## Exercise
Repeat the stretch of entries below from the line with "Lemma alt_pairing_near0 x" through the line with "by rewrite mulrC". Include both ends and add nothing.

[Records from a data source]
★ ★ ★

Lemma alt_pairing_lp_le x f (Q : nat) t :
  (lp_sum p x < +oo)%E -> (lp_sum p f < +oo)%E -> 1 <= t ->
  (forall j, `|x j| <= t) -> (forall j, t * `|f j| <= 1) ->
  `|alt_pairing x Q f| <= fine (lp_sum p x) / t + t `^ p * fine (lp_sum p f).
Proof.
move=> x_fin f_fin t_ge1 le_x le_f.
have x_window := window_sum_lp_le (h := fun j => 1 - j) (- Q%:Z) (2 * Q + 1)
  (can_inj (fun j => subKr 1 j)) x_fin.
have f_window := window_sum_lp_le (h := id) (- Q%:Z) (2 * Q + 1) (@inj_id _) f_fin.
apply: le_trans (ler_norm_sum _ _ _) _.
apply: le_trans (_ : window_sum (fun j => `|x (1 - j)| `^ p / t + t `^ p * `|f j| `^ p)
                       (- Q%:Z) (2 * Q + 1) <= _).
  apply: ler_sum => i _; rewrite !normrM expN1r normr_sign mul1r.
  by apply: mulr_le_powR_scaled; rewrite ?normr_ge0 ?le_x ?le_f.
rewrite /window_sum big_split /= -mulr_suml -mulr_sumr.
apply: lerD; first by apply: ler_wpM2r; rewrite ?invr_ge0 //; lra.
by apply: ler_wpM2l; rewrite ?powR_ge0.
Qed.

Lemma alt_pairing_near0 x c : (lp_sum p x < +oo)%E -> 0 < c ->
  exists2 e, 0 < e & forall f Q, (lp_sum p f < e%:E)%E -> `|alt_pairing x Q f| < c.
Proof.
move=> x_fin c_gt0; set A := fine (lp_sum p x).
have A_ge0 : 0 <= A by apply: fine_ge0; exact: lp_sum_ge0.
have A_c_ge0 : 0 <= 2 * A / c by rewrite divr_ge0 ?mulr_ge0 // ltW.
set t := 1 + A + 2 * A / c.
have t_ge1 : 1 <= t by rewrite /t; lra.
have A_t : A / t <= c / 2.
  rewrite ler_pdivrMr ?(lt_le_trans ltr01) // /t mulrDr mulrCA.
  have -> : c / 2 / c = 2^-1 by rewrite mulrAC divff ?gt_eqF ?mul1r.
  by have := mulr_ge0 (ltW c_gt0) A_ge0; lra.
have tp_gt0 : 0 < t `^ p by rewrite powR_gt0 // (lt_le_trans ltr01).
have min_gt0 : 0 < Num.min 1 (c / 2) by rewrite lt_min ltr01 divr_gt0.
exists (Num.min 1 (c / 2) / t `^ p) => [|f Q f_small]; first exact: divr_gt0.
have f_fin : (lp_sum p f < +oo)%E by apply: lt_trans f_small (ltry _).
have tp_f : t `^ p * fine (lp_sum p f) < Num.min 1 (c / 2).
  by rewrite mulrC -ltr_pdivlMr // -lte_fin fineK ?lp_sum_fin_num.
have t_ge0 : 0 <= t by apply: le_trans t_ge1.
have le_f j : t * `|f j| <= 1.
  rewrite -(ler_powR2r (mulr_ge0 _ _)) // powR1 powRM //.
  have := ler_wpM2l (ltW tp_gt0) (lp_term_le j f_fin).
  by have := ge_min 1 1 (c / 2); rewrite lexx /=; lra.
have le_x k : `|x k| <= t.
  by have := lp_norm_le k x_fin; rewrite -/A /t; lra.
have := alt_pairing_lp_le Q x_fin f_fin t_ge1 le_x le_f.
by rewrite -/A; have := ge_min (c / 2) 1 (c / 2); rewrite lexx orbT; lra.
Qed.

End LpSums.

Lemma closed_even_shift_span0 (R : realType) (p : R) (x : int -> R) (q : int) :
  1 <= p -> (forall j, x j = 0) -> ~ closed_even_shift_span p x (delta_seq q).
Proof.
move=> p_ge1 x0 /(_ 1 ltr01) [z [s ->]].
have -> : (fun j => delta_seq q j - \sum_(c <- s) c.1 * Defs.shift x (2 * c.2) j)
          = delta_seq q.
  by apply: funext => j; rewrite big1 ?subr0 // => c _; rewrite /Defs.shift x0 mulr0.
by rewrite lp_sum_delta // ltxx.
Qed.

Lemma delta_notin_closed_even_shift_span (R : realType) (p : R) (x : int -> R) m :
  1 <= p <= 2 -> (lp_sum p x < +oo)%E -> x m != 0 ->
  ~ closed_even_shift_span p x (delta_seq (1 - m)).
Proof.
move=> /andP[p_ge1 p_le2] x_fin xm_neq0 approx.
set c0 := `|x m|; have c0_gt0 : 0 < c0 by rewrite normr_gt0.
have c0_half_gt0 : 0 < c0 / 2 by rewrite divr_gt0.
have [e e_gt0 near0] := alt_pairing_near0 p_ge1 p_le2 x_fin c0_half_gt0.
have [z [s z_def] approx_z] := approx e e_gt0.
set M := \sum_(c <- s) `|c.1| * (`|(2 * c.2 + 1)%R|%N)%:R.
have M_ge0 : 0 <= M by apply: sumr_ge0 => c _; apply: mulr_ge0.
set B := 1 + fine (lp_sum p x).
have B_gt0 : 0 < B by have := fine_ge0 (lp_sum_ge0 p x); rewrite /B; lra.
set eta := c0 / (4 * B * (M + 1)).
have eta_gt0 : 0 < eta by rewrite divr_gt0 // !mulr_gt0 //; lra.
have [K tail] := lp_tail_le p_ge1 x_fin eta_gt0.
set Q := (K.+1 + \max_(c <- s) `|(2 * c.2 + 1)%R| + `|1 - m|)%N.
have pair_z : `|alt_pairing x Q z| <= c0 / 4.
  have le_B j : `|x j| <= B := lp_norm_le p_ge1 j x_fin.
  rewrite z_def; apply: le_trans (alt_pairing_span_le le_B tail _) _; first exact: leq_addr.
  have -> : c0 / 4 = (M + 1) * (eta * B) by rewrite /eta; field; lra.
  by apply: ler_wpM2r; [exact: mulr_ge0 (ltW eta_gt0) (ltW B_gt0) | rewrite -/M; lra].
have pair_delta : `|alt_pairing x Q (delta_seq (1 - m))| = c0.
  rewrite alt_pairing_delta ?normrM ?expN1r ?normr_sign ?mul1r ?subKr //; lia.
have := near0 _ Q approx_z; rewrite alt_pairingB => pair_d.
have := ler_normD (alt_pairing x Q (delta_seq (1 - m)) - alt_pairing x Q z)
                  (alt_pairing x Q z).
rewrite subrK pair_delta; lra.
Qed.

Theorem lemma3p11 (R : realType) (p : R) (x : int -> R) :
  1 <= p <= 2 -> x \in lp_space p ->
  closed_even_shift_span p x <> lp_space p.
Proof.
move=> p12 x_lp span_eq; have /andP[p_ge1 _] := p12.
have x_fin : (lp_sum p x < +oo)%E by rewrite inE in x_lp.
have delta_in q : closed_even_shift_span p x (delta_seq q).
  by rewrite span_eq /lp_space /= lp_sum_delta // ltry.
have [[m xm_neq0] | x_eq0] := pselect (exists m, x m != 0).
  exact: delta_notin_closed_even_shift_span p12 x_fin xm_neq0 (delta_in (1 - m)).
apply: (closed_even_shift_span0 p_ge1 _ (delta_in 0)) => j.
by apply/eqP; apply: contra_notT x_eq0 => xj_neq0; exists j.
Qed.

★ ★ ★

## Output for this exercise
Lemma alt_pairing_near0 x c : (lp_sum p x < +oo)%E -> 0 < c ->
  exists2 e, 0 < e & forall f Q, (lp_sum p f < e%:E)%E -> `|alt_pairing x Q f| < c.
Proof.
move=> x_fin c_gt0; set A := fine (lp_sum p x).
have A_ge0 : 0 <= A by apply: fine_ge0; exact: lp_sum_ge0.
have A_c_ge0 : 0 <= 2 * A / c by rewrite divr_ge0 ?mulr_ge0 // ltW.
set t := 1 + A + 2 * A / c.
have t_ge1 : 1 <= t by rewrite /t; lra.
have A_t : A / t <= c / 2.
  rewrite ler_pdivrMr ?(lt_le_trans ltr01) // /t mulrDr mulrCA.
  have -> : c / 2 / c = 2^-1 by rewrite mulrAC divff ?gt_eqF ?mul1r.
  by have := mulr_ge0 (ltW c_gt0) A_ge0; lra.
have tp_gt0 : 0 < t `^ p by rewrite powR_gt0 // (lt_le_trans ltr01).
have min_gt0 : 0 < Num.min 1 (c / 2) by rewrite lt_min ltr01 divr_gt0.
exists (Num.min 1 (c / 2) / t `^ p) => [|f Q f_small]; first exact: divr_gt0.
have f_fin : (lp_sum p f < +oo)%E by apply: lt_trans f_small (ltry _).
have tp_f : t `^ p * fine (lp_sum p f) < Num.min 1 (c / 2).
  by rewrite mulrC -ltr_pdivlMr // -lte_fin fineK ?lp_sum_fin_num.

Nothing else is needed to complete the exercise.